#### What you are asked to do:
Return, exactly and in full, the lines of the records below starting at the one with "move=> isoA; rewrite /spec_norm." and ending at the one with "by rewrite !sqnorm_tr_mul", and no other lines.

Source records:
(* Let $X\in\mathbb{R}^{n\times m}$ ($m\ge n$) be a full rank matrix, and let $\mathcal S\subseteq[m]$ be any subset of cardinality $k$ ($n\le k\le m$) such that $X_{\mathcal S}$ is full rank. For $i=1,\dots,n$, let $Y_i\in\mathbb{R}^{(n-1)\times m}$ be the matrix obtained from $X$ by removing its $i$-th row. Then $$\|X_{\mathcal S}^{\dagger}\|_F^2=\frac{\sum_{i=1}^n\det\big((Y_i)_{\mathcal S}(Y_i)_{\mathcal S}^T\big)}{\det\big(X_{\mathcal S}X_{\mathcal S}^T\big)}.$$ Moreover, writing $X=[x_1,\dots,x_m]$ in columns, if $\mathcal S$ has cardinality exactly $n$ then $$\|X_{\mathcal S}^{-1}\|_F^2\le \|X^{\dagger}\|_2^2\cdot\frac{\sum_{j=1}^m\sum_{i=1}^n\det\big(X_{\mathcal S}(i\to x_j)\big)^2}{\det(X_{\mathcal S})^2},$$ and if $X$ has orthonormal rows this inequality is an equality.
   Context: $[m]=\{1,\dots,m\}$; for $\mathcal S\subseteq[m]$, $X_{\mathcal S}$ (resp. $(Y_i)_{\mathcal S}$) is the submatrix of columns indexed by $\mathcal S$, in increasing order. $A^\dagger$ is the Moore–Penrose pseudo-inverse; $\|\cdot\|_2,\|\cdot\|_F$ spectral and Frobenius norms. For a square matrix $A$, index $i$ and vector $v$, $A(i\to v)$ denotes the matrix obtained by replacing the $i$-th column of $A$ by $v$. *)

From HB Require Import structures.
From mathcomp Require Import all_boot all_order all_algebra.
From mathcomp Require Import classical_sets reals.
From Stdlib Require Import ClassicalEpsilon.
Set Implicit Arguments. Unset Strict Implicit. Unset Printing Implicit Defensive.
Import Order.TTheory GRing.Theory Num.Theory.
Local Open Scope ring_scope.
Local Open Scope classical_set_scope.

Section Defs.
Variable R : realType.

Definition penrose (p q : nat) (A : 'M[R]_(p, q)) (B : 'M[R]_(q, p)) : Prop :=
  [/\ A *m B *m A = A, B *m A *m B = B,
      (A *m B)^T = A *m B & (B *m A)^T = B *m A].

(* The Moore-Penrose pseudo-inverse (it exists and is unique for real matrices). *)
Definition pinv (p q : nat) (A : 'M[R]_(p, q)) : 'M[R]_(q, p) :=
  epsilon (inhabits 0) (penrose A).

Definition frob_norm (p q : nat) (A : 'M[R]_(p, q)) : R :=
  Num.sqrt (\sum_(i < p) \sum_(j < q) A i j ^+ 2).

Definition vnorm (q : nat) (v : 'cV[R]_q) : R :=
  Num.sqrt (\sum_(i < q) v i 0 ^+ 2).

Definition spec_norm (p q : nat) (A : 'M[R]_(p, q)) : R :=
  sup [set vnorm (A *m v) | v in [set v : 'cV[R]_q | vnorm v = 1]].

(* Submatrix of the columns indexed by (the increasing enumeration) f. *)
Definition colsel (p q k : nat) (f : 'I_k -> 'I_q) (A : 'M[R]_(p, q)) : 'M[R]_(p, k) :=
  \matrix_(i < p, j < k) A i (f j).

Definition repl_col (p : nat) (A : 'M[R]_p) (i : 'I_p) (v : 'cV[R]_p) : 'M[R]_p :=
  \matrix_(r < p, c < p) (if c == i then v r 0 else A r c).

End Defs.

(* For a row-free A the pseudo-inverse is A^T (A A^T)^-1, so ||A^+||_F^2 is the
   trace of (A A^T)^-1: the sum of the principal cofactors of A A^T divided by
   its determinant, and the i-th principal minor of A A^T is the Gram matrix of
   row' i A.

   For the inequality, Cramer's rule identifies det(A(i -> x_j)) / det A with
   the entry (A^-1 X)_ij, so the right-hand side is ||X^+||_2^2 ||A^-1 X||_F^2.
   Since X X^+ = 1, every vector u satisfies |u|^2 = <X^+ u, X^T u>, whence
   |u| <= ||X^+||_2 |X^T u| by Cauchy-Schwarz; apply this to each row of A^-1.
   When X has orthonormal rows, X^+ = X^T is an isometry and equality holds. *)

From HB Require Import structures.
From mathcomp Require Import all_boot all_order all_algebra.
From mathcomp Require Import classical_sets reals.
From mathcomp Require Import ring.
From Stdlib Require Import ClassicalEpsilon.
Set Implicit Arguments. Unset Strict Implicit. Unset Printing Implicit Defensive.
Import Order.TTheory GRing.Theory Num.Theory.
Local Open Scope ring_scope.

Section RealMatrices.
Variable R : realType.

Lemma rV_mul_tr_eq0 q (u : 'rV[R]_q) : u *m u^T = 0 -> u = 0.
Proof.
move=> /(congr1 (fun M : 'M_1 => M 0 0)); rewrite !mxE => uu0.
have sum_sqr0 : \sum_i u 0 i ^+ 2 = 0.
  by rewrite -[RHS]uu0; apply: eq_bigr => i _; rewrite mxE expr2.
apply/matrixP => i j; rewrite (ord1 i) mxE; apply/eqP; rewrite -sqrf_eq0.
by apply/eqP/(psumr_eq0P (fun i _ => sqr_ge0 (u 0 i)) sum_sqr0).
Qed.

Lemma row_free_mul_tr_unit p q (A : 'M[R]_(p, q)) :
  row_free A -> A *m A^T \in unitmx.
Proof.
move=> fA; rewrite -row_free_unit -kermx_eq0; apply/rowV0P => v /sub_kermxP vAAt.
have : v *m A = 0.
  by apply: rV_mul_tr_eq0; rewrite trmx_mul mulmxA -(mulmxA v) vAAt mul0mx.
by move/eqP; rewrite mulmx_free_eq0 // => /eqP.
Qed.

Section RowFree.
Variables (p q : nat) (A : 'M[R]_(p, q)).
Hypothesis fA : row_free A.

Lemma penrose_row_freeE B : penrose A B -> B = A^T *m invmx (A *m A^T).
Proof.
case=> ABA BAB _ BAT; have U := row_free_mul_tr_unit fA.
have AB1 : A *m B = 1%:M.
  by rewrite -[A *m B](mulmxK U) mulmxA ABA mulmxV.
have BE : B = A^T *m (B^T *m B) by rewrite mulmxA -trmx_mul BAT BAB.
have BtB : B^T *m B = invmx (A *m A^T).
  by rewrite -[B^T *m B](mulKmx U) -mulmxA -BE AB1 mulmx1.
by rewrite {1}BE BtB.
Qed.

Lemma pinv_row_free : pinv A = A^T *m invmx (A *m A^T).
Proof.
apply: penrose_row_freeE; rewrite /pinv; apply: epsilon_spec.
have U := row_free_mul_tr_unit fA.
have AB1 : A *m (A^T *m invmx (A *m A^T)) = 1%:M by rewrite mulmxA mulmxV.
exists (A^T *m invmx (A *m A^T)); split.
- by rewrite AB1 mul1mx.
- by rewrite -mulmxA AB1 mulmx1.
- by rewrite AB1 trmx1.
- by rewrite !trmx_mul trmx_inv trmx_mul !trmxK mulmxA.
Qed.

Lemma mulmx_pinv : A *m pinv A = 1%:M.
Proof. by rewrite pinv_row_free mulmxA mulmxV ?row_free_mul_tr_unit. Qed.

Lemma pinv_tr_mul : (pinv A)^T *m pinv A = invmx (A *m A^T).
Proof.
rewrite pinv_row_free trmx_mul trmx_inv trmx_mul trmxK -mulmxA (mulmxA A).
by rewrite mulmxV ?row_free_mul_tr_unit // mulmx1.
Qed.

End RowFree.

Lemma frob_norm_sqr p q (A : 'M[R]_(p, q)) :
  frob_norm A ^+ 2 = \sum_i \sum_j A i j ^+ 2.
Proof.
rewrite /frob_norm sqr_sqrtr //.
by do 2!apply: sumr_ge0 => ? _; exact: sqr_ge0.
Qed.

Lemma sum_sqr_mx_tr p q (A : 'M[R]_(p, q)) :
  \sum_i \sum_j A i j ^+ 2 = \tr (A^T *m A).
Proof.
rewrite exchange_big; apply: eq_bigr => j _; rewrite mxE.
by apply: eq_bigr => i _; rewrite mxE expr2.
Qed.

Lemma mxtrace_invmx n (M : 'M[R]_n) : M \in unitmx ->
  \tr (invmx M) = (\sum_i \det (row' i (col' i M))) / \det M.
Proof.
move=> U; rewrite /invmx U mxtraceZ mulrC; congr (_ * _).
apply: eq_bigr => i _; rewrite mxE /cofactor.
by rewrite -signr_odd addnn odd_double mul1r.
Qed.

Lemma row'_col'_mul_tr p q (A : 'M[R]_(p, q)) i :
  row' i (col' i (A *m A^T)) = row' i A *m (row' i A)^T.
Proof. by apply/matrixP => r c; rewrite !mxE; apply: eq_bigr => k _; rewrite !mxE. Qed.

Lemma frob_norm_pinv p q (A : 'M[R]_(p, q)) : row_free A ->
  frob_norm (pinv A) ^+ 2 =
  (\sum_i \det (row' i A *m (row' i A)^T)) / \det (A *m A^T).
Proof.
move=> fA; rewrite frob_norm_sqr sum_sqr_mx_tr pinv_tr_mul //.
rewrite mxtrace_invmx ?row_free_mul_tr_unit //.
by under eq_bigr => i _ do rewrite row'_col'_mul_tr.
Qed.

Lemma sum_mul_sqr_le q (a b : 'I_q -> R) :
  (\sum_i a i * b i) ^+ 2 <= (\sum_i a i ^+ 2) * (\sum_i b i ^+ 2).
Proof.
set A := \sum_i a i ^+ 2; set B := \sum_i b i ^+ 2; set C := \sum_i a i * b i.
have A0 : 0 <= A by apply: sumr_ge0 => i _; exact: sqr_ge0.
have [A_eq0 | A_neq0] := eqVneq A 0.
  have a0 i : a i = 0.
    apply/eqP; rewrite -sqrf_eq0; apply/eqP.
    exact: (psumr_eq0P (fun i _ => sqr_ge0 (a i)) A_eq0).
  by rewrite /C big1 => [|i _]; rewrite ?A_eq0 ?a0 ?expr0n ?mul0r.
have Apos : 0 < A by rewrite lt_def A_neq0.
(* [t = C / A] minimises the nonnegative quadratic [\sum_i (t a_i - b_i)^2]. *)
have : 0 <= \sum_i (C / A * a i - b i) ^+ 2 by apply: sumr_ge0 => i _; exact: sqr_ge0.
have -> : \sum_i (C / A * a i - b i) ^+ 2 = B - C ^+ 2 / A.
  have -> : B - C ^+ 2 / A = (C / A) ^+ 2 * A - 2 * (C / A) * C + B by field.
  rewrite /A /B /C !mulr_sumr -sumrN -!big_split /=.
  by apply: eq_bigr => i _; ring.
by rewrite subr_ge0 ler_pdivrMr // mulrC.
Qed.

Definition sqnorm q (v : 'cV[R]_q) : R := \sum_i v i 0 ^+ 2.

Lemma sqnorm_ge0 q (v : 'cV[R]_q) : 0 <= sqnorm v.
Proof. by apply: sumr_ge0 => i _; exact: sqr_ge0. Qed.

Lemma vnorm_sqr q (v : 'cV[R]_q) : vnorm v ^+ 2 = sqnorm v.
Proof. by rewrite sqr_sqrtr // sqnorm_ge0. Qed.

Lemma sqnorm_eq0 q (v : 'cV[R]_q) : sqnorm v = 0 -> v = 0.
Proof.
move=> v0; apply/matrixP => i j; rewrite (ord1 j) mxE; apply/eqP.
by rewrite -sqrf_eq0; apply/eqP/(psumr_eq0P (fun i _ => sqr_ge0 (v i 0)) v0).
Qed.

Lemma sqnormZ q c (v : 'cV[R]_q) : sqnorm (c *: v) = c ^+ 2 * sqnorm v.
Proof. by rewrite /sqnorm mulr_sumr; apply: eq_bigr => i _; rewrite mxE exprMn. Qed.

Lemma sqnorm_tr_mul q (v : 'cV[R]_q) : sqnorm v = (v^T *m v) 0 0.
Proof. by rewrite mxE; apply: eq_bigr => i _; rewrite mxE expr2. Qed.

Lemma sqnorm_row p q (M : 'M[R]_(p, q)) i : sqnorm (row i M)^T = \sum_j M i j ^+ 2.
Proof. by apply: eq_bigr => j _; rewrite !mxE. Qed.

Lemma sqnorm_mul_le p q (P : 'M[R]_(p, q)) v :
  sqnorm (P *m v) <= (\sum_i \sum_j P i j ^+ 2) * sqnorm v.
Proof.
rewrite /sqnorm mulr_suml; apply: ler_sum => i _; rewrite mxE.
exact: (sum_mul_sqr_le (fun j => P i j) (fun j => v j 0)).
Qed.

Lemma vnorm_mul_le_spec_norm p q (P : 'M[R]_(p, q)) v :
  vnorm v = 1 -> vnorm (P *m v) <= spec_norm P.
Proof.
move=> v1; apply: ub_le_sup; last by exists v.
exists (Num.sqrt (\sum_i \sum_j P i j ^+ 2)) => _ [w /= w1 <-].
apply: ler_wsqrtr; have := sqnorm_mul_le P w.
by rewrite -(vnorm_sqr w) w1 expr1n mulr1.
Qed.

Lemma sqnorm_mul_le_spec_norm p q (P : 'M[R]_(p, q)) v :
  sqnorm (P *m v) <= spec_norm P ^+ 2 * sqnorm v.
Proof.
have [v_eq0 | v_neq0] := eqVneq (sqnorm v) 0.
  rewrite v_eq0 (sqnorm_eq0 v_eq0) mulmx0 mulr0 /sqnorm big1 // => i _.
  by rewrite mxE expr0n.
have vpos : 0 < sqnorm v by rewrite lt_def v_neq0 sqnorm_ge0.
have u1 : vnorm ((vnorm v)^-1 *: v) = 1.
  by rewrite /vnorm -/(sqnorm _) sqnormZ exprVn vnorm_sqr mulVf ?sqrtr1.
have Pu_le := vnorm_mul_le_spec_norm P u1.
have : sqnorm (P *m ((vnorm v)^-1 *: v)) <= spec_norm P ^+ 2.
  by rewrite -vnorm_sqr ler_sqr // ?nnegrE ?sqrtr_ge0 // (le_trans _ Pu_le) ?sqrtr_ge0.
by rewrite -scalemxAr sqnormZ exprVn vnorm_sqr mulrC ler_pdivrMr.
Qed.

Lemma sqnorm_le_spec_norm_right_inverse n m (X : 'M[R]_(n, m)) P :
  X *m P = 1%:M -> forall u, sqnorm u <= spec_norm P ^+ 2 * sqnorm (X^T *m u).
Proof.
move=> XP u; set w := X^T *m u.
have [u_eq0 | u_neq0] := eqVneq (sqnorm u) 0.
  by rewrite u_eq0 mulr_ge0 ?sqr_ge0 ?sqnorm_ge0.
have upos : 0 < sqnorm u by rewrite lt_def u_neq0 sqnorm_ge0.
have uPw : sqnorm u = \sum_j (P *m u) j 0 * w j 0.
  have uE : u = P^T *m w by rewrite /w mulmxA -trmx_mul XP trmx1 mul1mx.
  rewrite sqnorm_tr_mul {2}uE mulmxA -trmx_mul mxE.
  by apply: eq_bigr => j _; rewrite mxE.
have := sum_mul_sqr_le (fun j => (P *m u) j 0) (fun j => w j 0).
rewrite -uPw -/(sqnorm (P *m u)) -/(sqnorm w) => cs.
have : sqnorm u ^+ 2 <= spec_norm P ^+ 2 * sqnorm u * sqnorm w.
  by rewrite (le_trans cs) // ler_wpM2r ?sqnorm_ge0 ?sqnorm_mul_le_spec_norm.
by rewrite expr2 mulrAC ler_pM2r.
Qed.

Lemma sum_sqr_le_spec_norm_right_inverse n m (X : 'M[R]_(n, m)) P (B : 'M[R]_n) :
  X *m P = 1%:M ->
  \sum_i \sum_j B i j ^+ 2 <= spec_norm P ^+ 2 * \sum_i \sum_j (B *m X) i j ^+ 2.
Proof.
move=> XP; rewrite mulr_sumr; apply: ler_sum => i _.
have := sqnorm_le_spec_norm_right_inverse XP (row i B)^T.
by rewrite -trmx_mul -row_mul !sqnorm_row.
Qed.

Local Open Scope classical_set_scope.

Lemma spec_norm_isometry p q (A : 'M[R]_(p, q.+1)) :
  (forall v, sqnorm (A *m v) = sqnorm v) -> spec_norm A = 1.
Proof.
move=> isoA; rewrite /spec_norm.
have vnormA v : vnorm (A *m v) = vnorm v by rewrite /vnorm -!/(sqnorm _) isoA.
have e1 : vnorm (delta_mx 0 0 : 'cV[R]_q.+1) = 1.
  rewrite /vnorm (bigD1 0) //= big1 => [|i /negbTE i0]; last by rewrite mxE i0 expr0n.
  by rewrite mxE !eqxx expr1n addr0 sqrtr1.
suff -> : [set vnorm (A *m v) | v in [set v | vnorm v = 1]] = [set 1] by rewrite sup1.
apply/seteqP; split => y /=; first by case=> v /= v1 <-; rewrite vnormA.
by move->; exists (delta_mx 0 0); rewrite /= ?vnormA.
Qed.

Lemma sum_sqr_orthonormal_rows n m (X : 'M[R]_(n, m)) (B : 'M[R]_n) :
  X *m X^T = 1%:M ->
  \sum_i \sum_j B i j ^+ 2 = spec_norm X^T ^+ 2 * \sum_i \sum_j (B *m X) i j ^+ 2.
Proof.
case: n X B => [|n] X B XXt; first by rewrite !big_ord0 mulr0.
have isoXt v : sqnorm (X^T *m v) = sqnorm v.
  by rewrite !sqnorm_tr_mul trmx_mul trmxK mulmxA -(mulmxA _ X) XXt mulmx1.
rewrite spec_norm_isometry // expr1n mul1r; apply: eq_bigr => i _.
by rewrite -!sqnorm_row row_mul trmx_mul isoXt.
Qed.

Lemma det_repl_col n (A : 'M[R]_n) i v : A \in unitmx ->
  \det (repl_col A i v) = \det A * (invmx A *m v) i 0.
Proof.
move=> U; have detA : \det A != 0 by rewrite -unitfE -unitmxE.
rewrite (expand_det_col _ i) /invmx U -scalemxAl mxE mulrA mulfV // mul1r mxE.
apply: eq_bigr => r _; rewrite !mxE eqxx mulrC; congr (_ * _).
rewrite /cofactor; congr (_ * \det (row' r _)).
by apply/matrixP => a b; rewrite !mxE eq_sym (negbTE (neq_lift i b)).
Qed.

Lemma sum_det_repl_col_sqr n m (A : 'M[R]_n) (X : 'M[R]_(n, m)) : A \in unitmx ->
  (\sum_j \sum_i \det (repl_col A i (col j X)) ^+ 2) / \det A ^+ 2 =
  \sum_i \sum_j (invmx A *m X) i j ^+ 2.
Proof.
move=> U; have detA : \det A != 0 by rewrite -unitfE -unitmxE.
rewrite [RHS]exchange_big mulr_suml; apply: eq_bigr => j _.
rewrite mulr_suml; apply: eq_bigr => i _.
rewrite det_repl_col // exprMn mulrAC mulfV ?expf_neq0 // mul1r.
by rewrite !mxE; congr (_ ^+ 2); apply: eq_bigr => k _; rewrite mxE.
Qed.

Lemma colsel_row' p q k (f : 'I_k -> 'I_q) (X : 'M[R]_(p, q)) i :
  colsel f (row' i X) = row' i (colsel f X).
Proof. by apply/matrixP => r c; rewrite !mxE. Qed.

End RealMatrices.

Theorem lemma3p8 (R : realType) (n m : nat) (X : 'M[R]_(n, m)) :
  (n <= m)%N -> \rank X = n ->
  (forall (k : nat) (f : 'I_k -> 'I_m),
      {homo f : a b / (a < b)%N} -> (n <= k)%N ->
      \rank (colsel f X) = n ->
      frob_norm (pinv (colsel f X)) ^+ 2 =
        (\sum_(i < n) \det (colsel f (row' i X) *m (colsel f (row' i X))^T))
        / \det (colsel f X *m (colsel f X)^T))
  /\
  (forall f : 'I_n -> 'I_m,
      {homo f : a b / (a < b)%N} ->
      \rank (colsel f X) = n ->
      frob_norm (invmx (colsel f X)) ^+ 2 <=
        spec_norm (pinv X) ^+ 2 *
        ((\sum_(j < m) \sum_(i < n) \det (repl_col (colsel f X) i (col j X)) ^+ 2)
         / \det (colsel f X) ^+ 2)
      /\
      (X *m X^T = 1%:M ->
       frob_norm (invmx (colsel f X)) ^+ 2 =
        spec_norm (pinv X) ^+ 2 *
        ((\sum_(j < m) \sum_(i < n) \det (repl_col (colsel f X) i (col j X)) ^+ 2)
         / \det (colsel f X) ^+ 2))).
Proof.
move=> _ rX; have fX : row_free X by apply/eqP.
split=> [k f _ _ rS | f _ rS].
  under eq_bigr => i _ do rewrite colsel_row'.
  by apply: frob_norm_pinv; apply/eqP.
have U : colsel f X \in unitmx by rewrite -row_free_unit; apply/eqP.
rewrite frob_norm_sqr sum_det_repl_col_sqr //; split.
  exact/sum_sqr_le_spec_norm_right_inverse/mulmx_pinv.
move=> XXt; rewrite pinv_row_free // XXt invmx1 mulmx1.
exact: sum_sqr_orthonormal_rows.
Qed.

#### Exercise answer:
move=> isoA; rewrite /spec_norm.
have vnormA v : vnorm (A *m v) = vnorm v by rewrite /vnorm -!/(sqnorm _) isoA.
have e1 : vnorm (delta_mx 0 0 : 'cV[R]_q.+1) = 1.
  rewrite /vnorm (bigD1 0) //= big1 => [|i /negbTE i0]; last by rewrite mxE i0 expr0n.
  by rewrite mxE !eqxx expr1n addr0 sqrtr1.
suff -> : [set vnorm (A *m v) | v in [set v | vnorm v = 1]] = [set 1] by rewrite sup1.
apply/seteqP; split => y /=; first by case=> v /= v1 <-; rewrite vnormA.
by move->; exists (delta_mx 0 0); rewrite /= ?vnormA.
Qed.

Lemma sum_sqr_orthonormal_rows n m (X : 'M[R]_(n, m)) (B : 'M[R]_n) :
  X *m X^T = 1%:M ->
  \sum_i \sum_j B i j ^+ 2 = spec_norm X^T ^+ 2 * \sum_i \sum_j (B *m X) i j ^+ 2.
Proof.
case: n X B => [|n] X B XXt; first by rewrite !big_ord0 mulr0.
have isoXt v : sqnorm (X^T *m v) = sqnorm v.
  by rewrite !sqnorm_tr_mul trmx_mul trmxK mulmxA -(mulmxA _ X) XXt mulmx1.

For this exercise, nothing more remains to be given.